Food

Pasadena catfish restaurant owner: 'Can't say if we'll make it'

Pasadena catfish restaurant owner: 'Can't say if we'll make it'
Sudie’s Catfish House owner Paul Bailey has owned and operated the Pasadena restaurant on Spencer Highway for more than 36 years. (Courtesy photo)
Pasadena catfish restaurant owner: 'Can't say if we'll make it'

Sudie’s Catfish House is open on Spencer Highway in Pasadena where current owner Paul Bailey has served homemade seafood dishes and desserts for almost 37 years.

Pasadena catfish restaurant owner: 'Can't say if we'll make it'
Sudie’s Catfish House, on Spencer Highway in Pasadena, hopes to survive in a novel coronavirus pandemic environment which hasn’t been kind to most businesses.

In surviving two hurricanes, Paul Bailey has weathered the worst Mother Nature could offer in his 36-plus years of owning and operating Sudie’s Catfish House.

At least that’s what he believed until 2020 arrived.

Bailey says unequivocally that he has never encountered a foe quite like the novel coronavirus pandemic.

Sudie’s, a seafood staple in the Pasadena community, is fighting to stay afloat in unprecedented times.

Even though Bailey never closed the restaurant during the pandemic, it is a daily struggle.

“I really can’t say if we’ll make it — I think it’s anybody’s guess,” Bailey said. “I want to stay in business to get to the other side, as they call it, and see what happens.

“I just don’t know, and I don’t think anybody else knows.

“I keep data on it every day when we get day-end reports,” he said. “Now, we’re right about 60 percent dine-in and 40 percent to-go orders.

“We commonly have an 80-20 split, and I think that shows that there’s still a lot of people afraid to come back. We’ve done some stuff like online ordering, which has added about 5 percent on to the gross.”

A bad first half

Bailey said the pandemic couldn’t have struck at a more crucial time for his business.

“The big thing for us is we’re at the Houston Livestock Show and Rodeo every year,” he said. “We’ve been there 20 years. We’ve grown accustomed to the rodeo and Lent - because we’re a seafood establishment. We rely heavily on the first half of the year for the majority of our income.
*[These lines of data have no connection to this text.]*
(* In $\mathbf{MetCH_{sep}}$, the pushout of a regular monomorphism along any morphism is a regular monomorphism.
   Context: A metric on a set $X$ is a map $d\colon X\times X\to[0,\infty]$ with $d(x,x)=0$ and $d(x,z)\le d(x,y)+d(y,z)$ (not necessarily symmetric, $\infty$ allowed); separated means $d(x,y)=0=d(y,x)$ implies $x=y$. A separated metric compact Hausdorff space is a compact Hausdorff space with a separated metric $d\colon X\times X\to[0,\infty]$ continuous with respect to the upper topology on $[0,\infty]$ (open sets $]u,\infty]$, plus $\emptyset$ and $[0,\infty]$). $\mathbf{MetCH_{sep}}$ has these spaces as objects and continuous non-expansive maps ($d_Y(f(x),f(y))\le d_X(x,y)$) as morphisms. *)

From HB Require Import structures.
From mathcomp Require Import all_boot all_order all_algebra.
From mathcomp Require Import all_classical all_reals topology.
Set Implicit Arguments. Unset Strict Implicit. Unset Printing Implicit Defensive.
Import Order.TTheory GRing.Theory Num.Theory.
Local Open Scope classical_set_scope.
Local Open Scope ereal_scope.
“It drops off the second half, and now it put us in a bind to make it. One in every three restaurants aren’t going to make it, and you don’t want to be that one. We’ve been around too long.”

Bailey has seen, first-hand, the effects of the pandemic.

“One of our competitors up the street looks like it’s closed,” he said. “I don’t know if it’s permanent or temporary. I’ve driven by it a few times and there’s no one there.”

Continuing to offer full menu

Bailey is doing his best to keep his chin up.

“One thing I was proud of that other restaurants weren’t able to do is that we were able to provide a full menu through all of this,” he said. “We didn’t go to a partial menu like a lot of them did.

“We had the core guys in the kitchen that could pull it off and they did.”

Bailey said his team has become more aggressive in trying to secure external business.

“We put three of our employees we brought back doing cold calls to businesses in Houston to attract business for our catering,” he said.

“We’ve done a number of social distancing caterings where we cook on site. We cook it there, box it and put it in these XL containers. Then we put them on a table away from where we make it and let them pick it up.”

In November, Bailey hopes to celebrate 37 years of serving customers in Pasadena.

“I really don’t know how it’s going to turn out,” he said. “When you see these chain guys shutting down a lot of restaurants or getting out of the business, and then you see mom-and-pops struggling like us, it’s anybody’s guess.

‘Giving it our best shot’

“We’re giving it our best shot by fixing up the place and just doing the best we can in every area. We didn’t shut down. When this started, we went straight to-go orders and never closed our doors.

“The customers really want to see us make it, and boy, I sure appreciate them. On the busiest day we have, which is Good Friday, we had all to-go orders. No dine-in this year.”

At one time, Bailey opened a second location, but his business sense benefited him in that regard.

He sold the League City restaurant shortly before Hurricane Harvey hit in August 2017. That site flooded, and the building remains vacant.

The Bailey family has been operating its Pasadena restaurant at its current location since 1983, specializing in Mississippi farm-raised catfish.

Other old-fashioned recipes include hand-butterflied and hand-breaded shrimp along with signature items such as fried green tomatoes, fried dill pickles and in-season hot boiled crawfish.

Son Clay Bailey has assumed many of the day-to-day operations from his father.

The elder Bailey wishes he had a crystal ball.

“Doing to-go orders … you can’t meet what you do on dine-ins,” he said. “Particularly after July and August, we’ll see what it’s going to be like.

“At the rodeo, we’d go out there and build a booth that looks like an old house next to our trailer in the parking lot. We’d serve a bunch of people the entire run of the rodeo.

“I’ve never seen anything like this. Our two biggest revenue months are lost,” Bailey said. “For us, you couldn’t have picked a worse time for this to happen.”